This study, to our knowledge, is the first to explore how suicide risk differs by diagnosis across the phase of psychiatric hospitalization. We find that affective disorders increased the risk for suicide the strongest across all phases of time since hospitalization compared with other diagnostic groups. We also find that affective and schizophrenia spectrum disorders tend to have a more intensive effect on the risk of suicide, whereas substance abuse disorders have a more prolonged effect on the risk of suicide.

In an article for the website, Speaking of Suicide, Stacey Freedenthal cited the recommendation by David Rudd, a nationally known suicide expert, who recommended initially seeing an individual at least twice in the week after discharge. The elevated risk of suicide after hospitalization was not necessarily related to a premature discharge. Referencing David Rudd, she said:

Instead, suicidal intent is fluid, impossible to predict from one moment to the next, let alone day-to-day. Of course, whatever led to hospitalization in the first place, whether a suicide attempt, mental illness, or some other crisis, places a person at higher risk than normal for suicide.

However, there was a 2014 study reported in Social Psychiatry and Psychiatric Epidemiology that found psychiatric admission in the previous year was highly associated with completed suicide. “Furthermore, even individuals who have been in contact with psychiatric treatment but who have not been admitted are at highly increased risk of suicide.” The authors said the relationship was one of association, rather than causation. “People with increasing levels of psychiatric contact are also more severely at risk of dying from suicide.”

An editorial in the same issue by Large and Ryan said that compared to those who had no psychiatric treatment in the previous year, those who received medication were 5.8 times the risk of suicide; those with at most outpatient psychiatric treatment had 8.2 times the risk; patients with emergency department contact without an admission had 27.9 times the risk; and admitted patients had 44.3 times the risk of suicide.

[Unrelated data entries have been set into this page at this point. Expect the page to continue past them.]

Lemma sum_outcomes (n : nat) (G : nat -> bool -> R) :
  sumR (map (fun w => prodR (map (fun j => G j (nth j w false)) (seq 0 n)))
            (outcomes n))
  = prodR (map (fun j => G j true + G j false) (seq 0 n)).
Proof.
  revert G; induction n as [|n IH]; intros G; simpl; [lra|].
  rewrite map_app, !map_map, sumR_app.
  assert (Hfirst : forall b,
    sumR (map (fun w => prodR (map (fun j => G j (nth j (b :: w) false))
                                   (seq 0 (S n)))) (outcomes n))
    = G 0%nat b * prodR (map (fun j => G (S j) true + G (S j) false) (seq 0 n))).
  { intros b. simpl. rewrite sumR_scal, <- (IH (fun j => G (S j))).
    f_equal. apply sumR_ext; intros w _. rewrite <- seq_shift, map_map.
    reflexivity. }
  simpl in Hfirst |- *. rewrite (Hfirst true), (Hfirst false), <- seq_shift, map_map.
  lra.
Qed.

Lemma exp_mono x y : x <= y -> exp x <= exp y.
Proof. intros [H|H]; [left; apply exp_increasing; auto|subst; lra]. Qed.

Lemma ln_div a b : 0 < a -> 0 < b -> ln (a / b) = ln a - ln b.
Proof.
  intros; unfold Rdiv; rewrite ln_mult, ln_Rinv; try lra.
  apply Rinv_0_lt_compat; auto.
Qed.

Lemma exp_convex b d : 0 <= b <= 1 -> exp (b * d) <= b * exp d + 1 - b.
Proof.
  intros Hb.
  assert (T1 := exp_ineq1_le ((1 - b) * d)).
  assert (T2 := exp_ineq1_le (- (b * d))).
  assert (E1 : exp d = exp (b * d) * exp ((1 - b) * d))
    by (rewrite <- exp_plus; f_equal; ring).
  assert (E2 : 1 = exp (b * d) * exp (- (b * d)))
    by (rewrite <- exp_plus, <- exp_0; f_equal; ring).
  assert (P := exp_pos (b * d)).
  assert (A1 : exp (b * d) * (1 + (1 - b) * d) <= exp d)
    by (rewrite E1; apply Rmult_le_compat_l; lra).
  assert (A2 : exp (b * d) * (1 + - (b * d)) <= 1)
    by (rewrite E2 at 2; apply Rmult_le_compat_l; lra).
  nra.
Qed.

Lemma ln_tangent S Y : 0 < S -> 0 < Y -> ln S <= ln Y + (S - Y) / Y.
Proof.
  intros HS HY.
  assert (H := exp_ineq1_le (ln (S / Y))).
  rewrite exp_ln, ln_div in H by (try apply Rdiv_lt_0_compat; auto).
  assert (S / Y - 1 = (S - Y) / Y) by (field; lra). lra.
Qed.
Lemma first_touch [t : R] [k : K] : 0 <= t -> 0 <= h k t ->
  exists s k0, [/\ 0 < s <= t, h k0 s = 0, forall k', h k' s <= 0
    & forall u, 0 <= u -> u < s -> forall k', h k' u < 0].
Proof.
move=> t0 hkt.
pose hits := [set u | 0 <= u /\ exists k, 0 <= h k u].
have hits_t : hits t by split=> //; exists k.
have hits_ne : hits !=set0 by exists t.
pose s := inf hits.
have s_le u : hits u -> s <= u by apply: ge_inf; exists 0 => ? [].
have s_ge0 : 0 <= s by apply: lb_le_inf => // ? [].
have before u : 0 <= u -> u < s -> forall k', h k' u < 0.
  move=> u0 us k'; rewrite ltNge; apply/negP => hu.
  by have := s_le u (conj u0 (ex_intro _ k' hu)); rewrite leNgt us.
have [k0 hk0] : exists k0, 0 <= h k0 s.
  apply: contrapT => /boolp.forallNP neg.
  have {}neg k' : 0 < - h k' s by rewrite oppr_gt0 ltNge; apply/negP/neg.
  have /nbhs_ballP [d /= d0 near_s] : \forall u \near s,
      forall k', 0 <= u -> `|h k' s - h k' u| < - h k' s.
    by apply: (@filter_forall _ _ _ (nbhs s) _) => k'; exact: near_within_nonneg.
  suff : s + d / 2 <= s by lra.
  apply: lb_le_inf => // b hits_b; have sb := s_le b hits_b.
  case: hits_b => b0 [k' hb]; rewrite leNgt; apply/negP => bs.
  have /near_s /(_ k' b0) : ball s d b.
    by rewrite /ball /= ler0_norm ?subr_le0 //; lra.
  by move/ltr_normlP => []; lra.
have s_gt0 : 0 < s.
  by rewrite lt_neqAle s_ge0 andbT; apply/eqP => s0; have := h_at0 k0; rewrite s0; lra.
have le0 k' : h k' s <= 0.
  rewrite leNgt; apply/negP => pos.
  have [u [u0 us]] := near_left_witness s_gt0
    (cvg_within _ (near_within_nonneg (h_cont k') s_ge0 pos)).
  by move/ltr_normlP => [_]; have := before u u0 us k'; lra.
exists s, k0; split=> //; last exact/le_anti/andP.
by rewrite s_gt0 s_le.
Qed.

Lemma barrier (T : R) :
  (forall k t, 0 < t -> t <= T -> (forall k', h k' t <= 0) -> h k t = 0 ->
     exists2 dv, is_derive t 1 (h k) dv & dv < 0) ->
  forall t, 0 <= t -> t <= T -> forall k, h k t < 0.
Proof.
move=> h_deriv t t0 tT k; rewrite ltNge; apply/negP => hkt.
have [s [k0 [/andP [s0 st] hs le0 before]]] := first_touch t0 hkt.
have [dv hd dv0] := h_deriv k0 s s0 (le_trans st tT) le0 hs.
have [u [u0 us]] := near_left_witness s0
  (filterS (fun u hu _ => hu) (is_derive_lt0_left hd dv0)).
by rewrite hs; have := before u u0 us k0; lra.
Qed.

End Barrier.

Lemma exists_pos_lt [R : realFieldType] [I : finType] (a : I -> R) :
  (forall i, 0 < a i) -> exists2 g, 0 < g & forall i, g < a i.
Proof.
move=> a_gt0; pose m := \big[Num.min/1]_i a i.
have m_gt0 : 0 < m by apply: lt_bigmin.
exists (m / 2); first by rewrite divr_gt0.
move=> i; have : m <= a i by exact: bigmin_le.
lra.
Qed.

Lemma exists_gt [R : realFieldType] [I : finType] (a : I -> R) :
  exists M, forall i, a i < M.
Proof.
exists (\big[Num.max/0]_i a i + 1) => i.
have : a i <= \big[Num.max/0]_i a i by exact: le_bigmax.
lra.
Qed.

These ratios were after controlling for other risk factors.

The strongest risk factors for suicide after discharge were: prior suicide attempts and depressive symptoms. Additional risk factors include: hopelessness, worthlessness, guilt and a family history of suicide. Large and Ryan said they believed it was likely that a proportion of individuals who suicide during or after an admission to hospital do so because of factors inherent in the hospitalization. They argued that such suicides should be considered as “nonsocomial”—acquired in a hospital.

There was a significant positive correlation between a PTSD diagnosis and suicidality in a study by Panagioti, Gooding, and Tarrier. Comorbid major depression was a compounding risk factor. The association of suicidality and PTSD persisted across “studies using different measures of suicidality, current and lifetime PTSD, psychiatric and nonpsychiatric samples, and PTSD populations exposed to different traumas.”  Another study of national suicide rates in 25 European countries concluded that stigma towards persons with mental health problems could influence suicide rates within a country. The authors hypothesized that possible mechanisms could include stigma as a stressor, or social isolation as a result of stigma. Large and Ryan said:

There is now little doubt that suicide is associated with both stigma and trauma in the general community. It is therefore entirely plausible that the stigma and trauma inherent in (particularly involuntary) psychiatric treatment might, in already vulnerable individuals, contribute to some suicides.

So it seems there is a vicious spiral with suicidality. Together, depression and suicidality may lead to hospitalization, which itself is a risk factor for suicide. Hospitalization, particularly when it is involuntary, can lead to stigma and trauma, which exacerbates feelings of worthlessness and hopelessness—-themselves further risk factors in suicide.

How then do we help the chronically depressed and suicidal person? Perhaps the place to start is by not harming them any further. We need to recognize and minimize the potential for stigma and trauma from hospitalization. We need to address feelings of helplessness and worthlessness from very beginning of any contact with a depressed and suicidal person. In Cruel Compassion, as he reflected on how to avoid further harm with chronic mental patients, Thomas Szasz gave the following quote of C.S. Lewis that I think is helpful here.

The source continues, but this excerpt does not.